This report evaluates the historical and potential impact of transportation policies on worldwide oil consumption and greenhouse gas emissions. Policies adopted and formally announced since 2000 will have dramatic effects: reductions of 14 percent in global oil consumption and 7 percent in global economy-wide GHG emissions below the IEA’s projected 2030 levels. Spreading advanced regulatory standards and cost-effective technologies throughout major markets, coupled with shifts to low-carbon modes, could more than double those reductions, stabilizing global transportation emissions by 2020.

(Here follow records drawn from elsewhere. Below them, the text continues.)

(* Let $y\in\tilde W$ and $s\in\tilde{\mathbb S}$, and assume $s=s_H$ is the reflection in the affine root hyperplane $H=H_{\alpha,k}$ with $\alpha\in\Sigma$, $k\in\mathbb Z$. Let $\beta\in\Sigma$. (1) If $\beta\notin\{\pm\alpha,\pm\bar y\delta(\alpha)\}$, then $sy\delta(s)\mathbf a\geqslant_{\bar s(\beta)}\mathbf a$ if and only if $y\mathbf a\geqslant_\beta\mathbf a$. (2) If $\beta\neq\pm\bar y\delta(\alpha)$, then $y\mathbf a\geqslant_\beta\mathbf a$ if and only if $y\delta(s)\mathbf a\geqslant_\beta\mathbf a$.
   Context: Let $\tilde W=X_*(T)_\Gamma\rtimes W$ be the Iwahori–Weyl group of a quasi-split connected semisimple group $G$ over a local field $F$ (finite extension of $\mathbb Q_p$ or $\mathbb F_q((\epsilon))$) split over a tamely ramified extension, relative to a maximal $L$-split torus $S$ defined over $F$ with centralizer $T$, where $L$ is the completion of the maximal unramified extension of $F$ and $\Gamma=\mathrm{Gal}(\bar L/L)$. Let $\delta$ be the automorphism of $\tilde W$ induced by the Frobenius $\sigma$ of $L/F$; it also acts on $W$ and on the root system $\Sigma$ below. $V=X_*(T)_\Gamma\otimes\mathbb R$; $\Sigma$ is the reduced root system such that affine roots are $v\mapsto\langle a,v\rangle+k$, $a\in\Sigma,k\in\mathbb Z$; $H_{a,k}=\{v\in V:\langle a,v\rangle=k\}$; $W=W(\Sigma)$. $\mathbf a$ is a fixed $\sigma$-stable base alcove; $\tilde W$ acts on alcoves; $\tilde{\mathbb S}$ is the set of simple affine reflections (reflections in walls of $\mathbf a$). For $x\in\tilde W$, $\bar x$ denotes its image under the projection $\tilde W\to W$. For $a\in\Sigma$ and an alcove $\mathbf b$, $k(a,\mathbf b)$ is the unique integer $k$ such that $\mathbf b$ lies between $H_{a,k}$ and $H_{a,k-1}$; for alcoves $\mathbf b_1,\mathbf b_2$, $\mathbf b_1\geqslant_a\mathbf b_2$ means $k(a,\mathbf b_1)\ge k(a,\mathbf b_2)$. *)

From HB Require Import structures.
From mathcomp Require Import all_boot all_order all_algebra.
From mathcomp Require Import all_classical all_reals all_analysis.
Set Implicit Arguments. Unset Strict Implicit. Unset Printing Implicit Defensive.
Import Order.TTheory GRing.Theory Num.Theory.
Import numFieldTopology.Exports numFieldNormedType.Exports.
Local Open Scope ring_scope.
Local Open Scope classical_set_scope.

(* V = 'cV[R]_n (column vectors); V^* = 'rV[R]_n (row vectors);
   pairing <a, v> = a *m v.  Linear maps of V are matrices acting on the left. *)
Section IW.
Variables (R : realType) (n : nat).
Local Notation V := 'cV[R]_n.
Local Notation Vd := 'rV[R]_n.

Definition pair (a : Vd) (v : V) : R := (a *m v) 0 0.

Definition is_int (x : R) : Prop := exists z : int, x = z%:~R.

(* Sigma is a reduced root system in V^* (spanning, since G is semisimple),
   cor a is the coroot a^vee in V of a. *)
Definition reduced_root_system (Sigma : seq Vd) (cor : Vd -> V) : Prop :=
  [/\ 0 \notin Sigma,
      row_full (\matrix_(i < size Sigma) Sigma`_i),
      (forall a, a \in Sigma -> pair a (cor a) = 2) &
      [/\ 
(forall a b, a \in Sigma -> b \in Sigma -> b - pair b (cor a) *: a \in Sigma),
      (forall a b, a \in Sigma -> b \in Sigma -> is_int (pair b (cor a))) &
      (forall a b (c : R), a \in Sigma -> b \in Sigma -> b = c *: a -> c = 1 \/ c = -1)]].

Definition refl (cor : Vd -> V) (a : Vd) : 'M[R]_n := 1%:M - cor a *m a.

Inductive inW (Sigma : seq Vd) (cor : Vd -> V) : 'M[R]_n -> Prop :=
| inW1 : inW Sigma cor 1%:M
| inWs a w : a \in Sigma -> inW Sigma cor w -> inW Sigma cor (refl cor a *m w).

(* action of a linear map w of V on V^*: (w.a)(v) = a(w^-1 v) *)
Definition actR (w : 'M[R]_n) (a : Vd) : Vd := a *m invmx w.

(* elements of the Iwahori-Weyl group, through their action on V:
   x = (xbar, t) acts by v |-> xbar v + t  (t^lambda w  with lambda = t). *)
Definition aff := ('M[R]_n * V)%type.
Definition act (x : aff) (v : V) : V := x.1 *m v + x.2.
Definition amul (x y : aff) : aff := (x.1 *m y.1, x.1 *m y.2 + x.2).
Definition bar (x : aff) : 'M[R]_n := x.1.

(* Lam = image of X_*(T)_Gamma in V *)
Definition in_IW (Sigma : seq Vd) (cor : Vd -> V) (Lam : set V) (x : aff) : Prop :=
  inW Sigma cor x.1 /\ Lam x.2.

(* delta: induced by the (linear) Frobenius action sigma on V *)
Definition delta (sigma : 'M[R]_n) (x : aff) : aff :=
  (sigma *m x.1 *m invmx sigma, sigma *m x.2).

(* affine reflection s_H in H = H_{a,k}: v |-> v - (<a,v> - k) a^vee *)
Definition sref (cor : Vd -> V) (a : Vd) (k : int) : aff :=
  (refl cor a, k%:~R *: cor a).

Definition Hyp (a : Vd) (k : int) : set V := [set v | pair a v = k%:~R].

Definition Vreg (Sigma : seq Vd) : set V :=
  [set v | forall a (k : int), a \in Sigma -> pair a v <> k%:~R].

Definition is_alcove (Sigma : seq Vd) (b : set V) : Prop :=
  exists v, Vreg Sigma v /\ b = connected_component (Vreg Sigma) v.

Definition is_wall (Sigma : seq Vd) (b : set V) (a : Vd) (k : int) : Prop :=
  exists p, closure b p /\ pair a p = k%:~R /\
    (forall c (m : int), c \in Sigma -> pair c p = m%:~R -> Hyp c m = Hyp a k).

Definition simple_refl (Sigma : seq Vd) (cor : Vd -> V) (base : set V) (s : aff) : Prop :=
  exists a k, a \in Sigma /\ is_wall Sigma base a k /\ s = sref cor a k.

Definition img (x : aff) (b : set V) : set V := act x @` b.

Definition between (a : Vd) (b : set V) (k : int) : Prop :=
  forall v, b v -> k%:~R - 1 < pair a v < k%:~R.

Definition geq_at (a : Vd) (b1 b2 : set V) : Prop :=
  exists k1 k2 : int, [/\ between a b1 k1, between a b2 k2 & (k2 <= k1)%R].

Definition IW_setting (Sigma : seq Vd) (cor : Vd -> V) (Lam : set V)
  (sigma : 'M[R]_n) (base : set V) : Prop :=
  [/\ reduced_root_system Sigma cor,
      [/\ Lam 0, (forall u v, Lam u -> Lam v -> Lam (u - v)),
          (forall a, a \in Sigma -> Lam (cor a)),
          (forall a u, a \in Sigma -> Lam u -> is_int (pair a u)) &
          (forall w u, inW Sigma cor w -> Lam u -> Lam (w *m u))],
      [/\ sigma \in unitmx, (exists m, (0 < m)%N /\ sigma ^+ m = 1),
          (forall u, Lam u <-> Lam (sigma *m u)),
          (forall w, inW Sigma cor w -> inW Sigma cor (sigma *m w *m invmx sigma)) &
          (forall a, a \in Sigma -> actR sigma a \in Sigma)],
      is_alcove Sigma base &
      img (sigma, 0) base = base].

End IW.

(* The level k(g, x a) of an affine image of the base alcove a satisfies
   k(g, x a) = k(g xbar, a) + <g, x(0)>.  The simple reflection s = s_H fixes a
   point p of the closure of a lying on no hyperplane other than H, and the
   level of g is the ceiling of <g, p> whenever <g, p> is not an integer; hence
   s preserves the levels of all roots other than +-alpha.  Since delta(s) is
   the conjugate of s by the Frobenius, which fixes a, it preserves the levels
   of all roots other than +-alpha sigma^-1, and pushing this through y gives
   (2).  Part (1) follows from (2): s shifts the level of beta s_alpha on both
   alcoves by the same amount -<beta, alpha^vee> k. *)

From HB Require Import structures.
From mathcomp Require Import all_boot all_order all_algebra.
From mathcomp Require Import all_classical all_reals all_analysis.
Import Order.TTheory GRing.Theory Num.Theory.
Import numFieldTopology.Exports numFieldNormedType.Exports.
Local Open Scope ring_scope.
Local Open Scope classical_set_scope.
From mathcomp Require Import ring lra zify.

Set Implicit Arguments.
Unset Strict Implicit.
Unset Printing Implicit Defensive.

Section LinearAlgebra.
Variables (R : realType) (n : nat).
Local Notation V := 'cV[R]_n.
Local Notation Vd := 'rV[R]_n.
Local Notation pair := (@pair R n).

Lemma pairM (a : Vd) (M : 'M[R]_n) (v : V) : pair a (M *m v) = pair (a *m M) v.
Proof. by rewrite /pair mulmxA. Qed.

Lemma pairD (a : Vd) (u v : V) : pair a (u + v) = pair a u + pair a v.
Proof. by rewrite /pair mulmxDr !mxE. Qed.

Lemma pairZ (a : Vd) (c : R) (v : V) : pair a (c *: v) = c * pair a v.
Proof. by rewrite /pair -scalemxAr mxE. Qed.

Lemma pairBl (a b : Vd) (v : V) : pair (a - b) v = pair a v - pair b v.
Proof. by rewrite /pair mulmxBl !mxE. Qed.

Lemma pairZl (a : Vd) (c : R) (v : V) : pair (c *: a) v = c * pair a v.
Proof. by rewrite /pair -scalemxAl mxE. Qed.

Lemma pair_inj (a b : Vd) : (forall v, pair a v = pair b v) -> a = b.
Proof.
by move=> eq_ab; apply/rowP => j; have := eq_ab (delta_mx j 0); rewrite /pair -!colE !mxE.
Qed.

Lemma pair_continuous (a : Vd) : continuous (pair a).
Proof.
have -> : pair a = fun v => \sum_j a 0 j * v j 0 by apply/funext => v; rewrite /pair mxE.
apply: continuous_big => [|j _ v]; first exact: add_continuous.
by apply: continuousM; [exact: cst_continuous | exact: coord_continuous].
Qed.

Lemma refl_mulmx (cor : Vd -> V) (a : Vd) (v : V) :
  refl cor a *m v = v - pair a v *: cor a.
Proof. by rewrite /refl mulmxBl mul1mx -mulmxA [a *m v]mx11_scalar mul_mx_scalar. Qed.

Lemma mulmx_refl (cor : Vd -> V) (a b : Vd) :
  b *m refl cor a = b - pair b (cor a) *: a.
Proof. by rewrite /refl mulmxBr mulmx1 mulmxA [b *m cor a]mx11_scalar mul_scalar_mx. Qed.

Lemma refl_invol (cor : Vd -> V) (a : Vd) : pair a (cor a) = 2 ->
  refl cor a *m refl cor a = 1%:M.
Proof.
move=> a2; rewrite {1}/refl mulmxBl mul1mx -mulmxA mulmx_refl a2.
by rewrite scaler_nat mulr2n opprD addrA subrr add0r mulmxN /refl opprK subrK.
Qed.

Lemma invmx_refl (cor : Vd -> V) (a : Vd) : pair a (cor a) = 2 ->
  invmx (refl cor a) = refl cor a.
Proof.
move=> /refl_invol SS; have [Su _] := mulmx1_unit SS.
by rewrite -[RHS]mul1mx -(mulVmx Su) -mulmxA SS mulmx1.
Qed.

Lemma act_amul (x y : aff R n) (v : V) : act (amul x y) v = act x (act y v).
Proof. by rewrite /act /amul /= mulmxDr mulmxA addrA. Qed.

Lemma img_amul (x y : aff R n) (b : set V) : img (amul x y) b = img x (img y b).
Proof. by rewrite /img image_comp; apply: eq_imagel => v _; rewrite act_amul. Qed.

Lemma delta_conj (sg : 'M[R]_n) (x : aff R n) :
  delta sg x = amul (amul (sg, 0) x) (invmx sg, 0).
Proof. by rewrite /delta /amul /= mulmx0 !addr0 add0r. Qed.

End LinearAlgebra.

Section Levels.
Variables (R : realType) (n : nat).
Local Notation V := 'cV[R]_n.
Local Notation Vd := 'rV[R]_n.
Local Notation pair := (@pair R n).

Lemma int_interval_uniq (x : R) (m m' : int) :
  m%:~R - 1 < x < m%:~R -> m'%:~R - 1 < x < m'%:~R -> m = m'.
Proof.
move=> /andP[lo hi] /andP[lo' hi'].
have : (m - 1 < m')%R by rewrite -(ltr_int R) intrB; lra.
have : (m' - 1 < m)%R by rewrite -(ltr_int R) intrB; lra.
lia.
Qed.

Nevertheless, the report makes it clear that the transportation sector is not on a path to achieve the 50 to 85 percent reduction by 2050 (from 2000 levels) necessary to constrain global temperature increase to two degrees Celsius. That goal will require more creative and ambitious policies, along with a transformation of vehicle technologies and transportation systems.
The Global transportation energy and climate roadmap is intended for government regulators, policy makers, and other stakeholders wrestling with these critical policy issues. The analysis is based on the ICCT Global Transportation Roadmap model, an analytical tool that draws upon the best available data on global and national transportation emissions and policies.
Policies adopted since 2000 in China, Europe, North America, and elsewhere will reduce global oil-equivalent consumption by 9.7 million barrels per day (Mboe/day) and GHG emissions by 1.9 metric gigatons of CO2 equivalent (GtCO2e) in 2030—approximately 9 percent of global oil consumption and 4 percent of global all-sector GHG emissions from 2030 levels projected by the IEA .
If adopted according to current expectations, policies in the pipeline will further increase these benefits. Together, adopted and pipeline policies represent reductions of 14.5 Mboe/day and 2.9 GtCO2e in 2030, equivalent to a 14 percent reduction in global oil consumption and a 7 percent reduction in global economy-wide GHG emissions from 2030 levels.
The full benefits of concerted regulatory action and rapid penetration of cost-effective technologies are illustrated by light-duty vehicle (LDV) policies. The global LDV stock is on track to double from 2000 to 2030, rising from 640 million to 1.5 billion, yet oil consumption and GHG emissions from LDVs will stabilize in 2025.
Expansion of best-practice policies—including vehicle efficiency, mode shift, and activity reduction policies—and cost-effective technologies across the globe would result in oil and emission reductions of 28.6 Mboe/day and 5.8 GtCO2e in 2030, equivalent to a 28 percent drop in global oil consumption and a 13 percent cut in global economy-wide GHG emissions from 2030 levels. This level of reduction would essentially stabilize transportation emissions by the year 2020.